■ **Exercise inputs**

....

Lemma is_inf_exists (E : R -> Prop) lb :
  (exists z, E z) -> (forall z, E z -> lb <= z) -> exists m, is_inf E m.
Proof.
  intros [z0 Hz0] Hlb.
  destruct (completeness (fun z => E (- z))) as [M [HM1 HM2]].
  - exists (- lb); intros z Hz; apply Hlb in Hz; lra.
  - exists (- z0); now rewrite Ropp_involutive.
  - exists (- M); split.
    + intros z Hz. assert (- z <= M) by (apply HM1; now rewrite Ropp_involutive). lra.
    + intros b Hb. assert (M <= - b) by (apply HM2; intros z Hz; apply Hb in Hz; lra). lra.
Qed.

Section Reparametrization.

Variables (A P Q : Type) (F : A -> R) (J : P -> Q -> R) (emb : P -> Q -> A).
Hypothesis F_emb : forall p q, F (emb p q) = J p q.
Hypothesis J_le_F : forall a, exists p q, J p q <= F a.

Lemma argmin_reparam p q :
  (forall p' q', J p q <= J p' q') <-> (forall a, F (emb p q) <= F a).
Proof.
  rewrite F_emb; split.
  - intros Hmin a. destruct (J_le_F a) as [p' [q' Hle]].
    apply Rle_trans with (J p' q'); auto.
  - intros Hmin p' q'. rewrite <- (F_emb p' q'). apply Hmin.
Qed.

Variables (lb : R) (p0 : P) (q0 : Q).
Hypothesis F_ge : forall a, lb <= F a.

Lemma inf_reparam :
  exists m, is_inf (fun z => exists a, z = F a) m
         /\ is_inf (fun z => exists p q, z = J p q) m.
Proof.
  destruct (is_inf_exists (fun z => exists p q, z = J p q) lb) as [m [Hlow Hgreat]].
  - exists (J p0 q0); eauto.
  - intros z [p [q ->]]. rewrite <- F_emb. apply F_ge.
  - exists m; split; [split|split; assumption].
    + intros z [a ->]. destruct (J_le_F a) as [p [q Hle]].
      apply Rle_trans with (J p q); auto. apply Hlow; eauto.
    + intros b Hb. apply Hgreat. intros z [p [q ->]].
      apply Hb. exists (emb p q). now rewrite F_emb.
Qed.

....

■ **Exercise details**
For each line above that includes "assert", make a copy.

■ **Result of this task**
    + intros z Hz. assert (- z <= M) by (apply HM1; now rewrite Ropp_involutive). lra.
    + intros b Hb. assert (M <= - b) by (apply HM2; intros z Hz; apply Hb in Hz; lra). lra.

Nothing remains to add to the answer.